When Conversations Turn (in)To Poetry

An Australian Landscape“An Australian Landscape” by sachman75 is licensed under CC BY-NC-ND 2.0

It’s no surprise that my good friend from Australia, Wendy, would share out an amazing book connecting various kinds of writing to the Australian landscape, history and social fabric, called Reading the Landscape. Which she did, on Twitter, and which I tried to get here in the US via library system but to no avail — the title is a regional publication. She and I chatted about the book a bit in Tweets.

Then, Wendy wrote and shared a poem — Read the Land — that I really loved after reading it at her blog site, and I started to consider a poetic response (as some of us in CLMOOC are often apt to do). Riffing a poem off the lines of someone else is something I consider to be a complement (I’ve written about this before).
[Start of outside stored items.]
Lemma kcot_sum_root l ls y : List.Forall (fun l => 0 < l) (l :: ls) ->
  exists lam, below_pole (l :: ls) lam /\ kcot_sum (l :: ls) lam = y.
Proof.
  intros Hpos. set (ls' := l :: ls) in *. pose proof PI_RGT_0.
  set (L := RList.MaxRlist ls').
  assert (HL : In L ls') by (apply RList.MaxRlist_P2; exists l; left; reflexivity).
  assert (HL0 : 0 < L) by (rewrite Forall_forall in Hpos; auto).
  destruct (kcot_pole L (y - inv_sum ls') HL0) as [b [Hb0 [HbL Hb]]].
  assert (Hbp : below_pole ls' b).
  { unfold below_pole. rewrite Forall_forall in *. intros l' Hl'.
    pose proof (Hpos l' Hl'). assert (l' <= L) by exact (RList.MaxRlist_P1 ls' l' Hl').
    apply (mul_sq_lt_of_le b b l' L); [nra | lra | lra | exact HbL]. }
  pose proof (kcot_sum_le_at ls' L b Hpos HL Hb0 Hbp).
  set (k := Rabs y + 1). assert (Hk : 0 < k) by (pose proof (Rabs_pos y); unfold k; lra).
  assert (k <= kcot_sum ls' (- k ^ 2)) by exact (kcot_sum_opp_sq_ge l ls k Hpos Hk).
  pose proof (RRle_abs y).
  assert (Hab : - k ^ 2 < b) by nra.
  destruct (Ranalysis5.IVT_interv (fun lam => y - kcot_sum ls' lam) (- k ^ 2) b)
    as [lam [Hlam Hroot]]; [| lra | unfold k in *; lra | lra |].
  - intros lam Hlam.
    apply continuity_pt_minus; [apply continuity_pt_const; intros ? ?; reflexivity|].
    apply kcot_sum_continuous; auto. apply (below_pole_le ls' lam b); auto. lra.
  - exists lam. split; [apply (below_pole_le ls' lam b); auto; lra | lra].
Qed.

Lemma lt_of_kcot_sum_lt ls lam mu : List.Forall (fun l => 0 < l) ls -> below_pole ls lam ->
  kcot_sum ls mu < kcot_sum ls lam -> lam < mu.
Proof.
  intros Hpos Hlam Hlt. destruct (Rlt_le_dec lam mu) as [|Hle]; auto.
  pose proof (kcot_sum_le_decr ls mu lam Hpos Hle Hlam). lra.
Qed.

Lemma is_lambda1_unique E a b : is_lambda1 E a -> is_lambda1 E b -> a = b.
Proof. intros [Ea Ha] [Eb Hb]. apply Rle_antisym; auto. Qed.

Lemma is_lambda1_ext (E E' : R -> Prop) m : (forall mu, E mu <-> E' mu) ->
  is_lambda1 E m -> is_lambda1 E' m.
Proof. intros HE [Em Hm]. split; [apply HE, Em|]. intros mu Emu. apply Hm, HE, Emu. Qed.

Lemma lambda1_lt_of_is_lambda1 EB EA b a : is_lambda1 EB b -> is_lambda1 EA a -> b < a ->
  lambda1_lt EB EA.
Proof.
  intros Hb Ha Hlt. split; [eauto|]. split; [eauto|].
  intros a' b' Ha' Hb'.
  rewrite (is_lambda1_unique EA a' a), (is_lambda1_unique EB b' b); auto.
Qed.

(** * The graphs Gamma_1 and Gamma_2 *)

Lemma eig1_swap cA cB l1 l2 l3 l4 lam :
  eig1 cA cB l1 l2 l3 l4 lam -> eig1 cB cA l1 l2 l3 l4 lam.
Proof.
  intros [f [df [ddf [He [HA [HB [i [x [Hi [Hx Hfx]]]]]]]]]].
  set (L := fun i : nat => match i with 1 => l1 | 2 => l2 | 3 => l3 | _ => l4 end%nat) in *.
  exists (fun i x => f i (L i - x)), (fun i x => - df i (L i - x)), (fun i x => ddf i (L i - x)).
  split; [|split; [|split]].
  - intros j Hj. apply edge_eq_reflect, He, Hj.
  - simpl. rewrite !Rminus_0_r. exact HB.
  - simpl. rewrite !Rminus_diag.
    replace (- - df 1%nat 0 - - df 2%nat 0 - - df 3%nat 0 - - df 4%nat 0)
      with (df 1%nat 0 + df 2%nat 0 + df 3%nat 0 + df 4%nat 0) by ring.
    exact HA.
  - change (0 <= x <= L i) in Hx. exists i, (L i - x). split; [exact Hi|].
    split; [change (0 <= L i - x <= L i); lra|].
    replace (L i - (L i - x)) with x by ring. exact Hfx.
Qed.

Section Graphs.

Variables l0 l1 l2 l3 l4 : R.
Hypotheses (Hl0 : 0 < l0) (Hl1 : 0 < l1) (Hl2 : 0 < l2) (Hl3 : 0 < l3) (Hl4 : 0 < l4).

Let star := [l1; l2; l3; l4].

Lemma star_pos : List.Forall (fun l => 0 < l) star.
Proof. repeat constructor; assumption. Qed.

Lemma eig1_dirA_kcot_sum g lam : below_pole star lam ->
  eig1 VDir (VDelta g) l1 l2 l3 l4 lam -> kcot_sum star lam = - g.
Proof.
  intros Hpole [f [df [ddf [He [HA [HB Hnz]]]]]].
  unfold below_pole, star in Hpole. repeat rewrite Forall_cons_iff in Hpole.
  destruct Hpole as (P1 & P2 & P3 & P4 & _).
  simpl in HA. repeat rewrite Forall_cons_iff in HA. destruct HA as (A1 & A2 & A3 & A4 & _).
  destruct (edge_dirichlet_at_0 _ _ _ _ _ Hl1 P1 (He 1%nat ltac:(lia)) A1) as [D1 Z1].
  destruct (edge_dirichlet_at_0 _ _ _ _ _ Hl2 P2 (He 2%nat ltac:(lia)) A2) as [D2 Z2].
  destruct (edge_dirichlet_at_0 _ _ _ _ _ Hl3 P3 (He 3%nat ltac:(lia)) A3) as [D3 Z3].
  destruct (edge_dirichlet_at_0 _ _ _ _ _ Hl4 P4 (He 4%nat ltac:(lia)) A4) as [D4 Z4].
  destruct HB as [v [HB Hsum]]. repeat rewrite Forall_cons_iff in HB.
  destruct HB as (B1 & B2 & B3 & B4 & _).
  rewrite D1, D2, D3, D4, B1, B2, B3, B4 in Hsum.
  destruct (Req_dec v 0) as [->|Hv].
  - exfalso. destruct Hnz as [i [x [Hi [Hx Hfx]]]]. apply Hfx.
    destruct i as [|[|[|[|[|i]]]]]; try lia; [apply Z1 | apply Z2 | apply Z3 | apply Z4]; auto.
  - unfold star. simpl. apply (Rmult_eq_reg_l v); [|exact Hv]. lra.
Qed.

Lemma eig1_dirA_of_kcot_sum g lam : below_pole star lam -> kcot_sum star lam = - g ->
  eig1 VDir (VDelta g) l1 l2 l3 l4 lam.
Proof.
  intros Hpole Hsum.
  unfold below_pole, star in Hpole. repeat rewrite Forall_cons_iff in Hpole.
  destruct Hpole as (P1 & P2 & P3 & P4 & _).
  pose proof (sinl_pos _ _ Hl1 P1). pose proof (sinl_pos _ _ Hl2 P2).
  pose proof (sinl_pos _ _ Hl3 P3). pose proof (sinl_pos _ _ Hl4 P4).
  set (L := fun i : nat => match i with 1 => l1 | 2 => l2 | 3 => l3 | _ => l4 end%nat).
  exists (fun i x => / sinl lam (L i) * sinl lam x), (fun i x => / sinl lam (L i) * cosl lam x),
    (fun i x => - lam * (/ sinl lam (L i) * sinl lam x)).
  split; [|split; [|split]].
  - intros i _. apply edge_eq_sinl.
  - simpl. rewrite !sinl_0, !Rmult_0_r. repeat constructor.
  - simpl. exists 1. split.
    + repeat constructor; field; lra.
    + unfold star, kcot_sum, kcot in Hsum. simpl in Hsum.
      rewrite Rmult_1_r, <- (Ropp_involutive g), <- Hsum. field. lra.
  - exists 1%nat, l1. split; [lia|]. split; [simpl; lra|]. simpl.
    rewrite Rinv_l; lra.
Qed.

Lemma eig1_dirA_lambda1 g lam : below_pole star lam -> kcot_sum star lam = - g ->
  is_lambda1 (eig1 VDir (VDelta g) l1 l2 l3 l4) lam.
Proof.
  intros Hpole Hsum. split; [apply eig1_dirA_of_kcot_sum; auto|].
  intros mu Emu. destruct (Rle_lt_dec lam mu) as [|Hlt]; auto. exfalso.
  assert (Hmu : below_pole star mu) by (apply (below_pole_le _ mu lam star_pos); auto; lra).
  pose proof (eig1_dirA_kcot_sum g mu Hmu Emu).
  pose proof (kcot_sum_decreasing l1 [l2; l3; l4] mu lam star_pos Hlt Hpole). unfold star in *. lra.
Qed.

Lemma eig1_dirB_lambda1 g lam : below_pole star lam -> kcot_sum star lam = - g ->
  is_lambda1 (eig1 (VDelta g) VDir l1 l2 l3 l4) lam.
Proof.
  intros Hpole Hsum. apply (is_lambda1_ext (eig1 VDir (VDelta g) l1 l2 l3 l4)).
  - intros mu. split; apply eig1_swap.
  - apply eig1_dirA_lambda1; auto.
Qed.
Here is what I wrote as poetic response to Wendy:

It might be that your teeth
touch dirt, that your tongue
might hurt, that your body
could cry out for a quick escape

But when a writer shares a verse
of the wide open landscape,
their poem becomes water,
and our thirst, slaked

I struggled over that last line — the rhythm is intentionally off and the rhyme, false —  so I was happy when Wendy noticed and noted in appreciation how I used “slaked” as the final word. I wasn’t sure it really worked until she commented on it.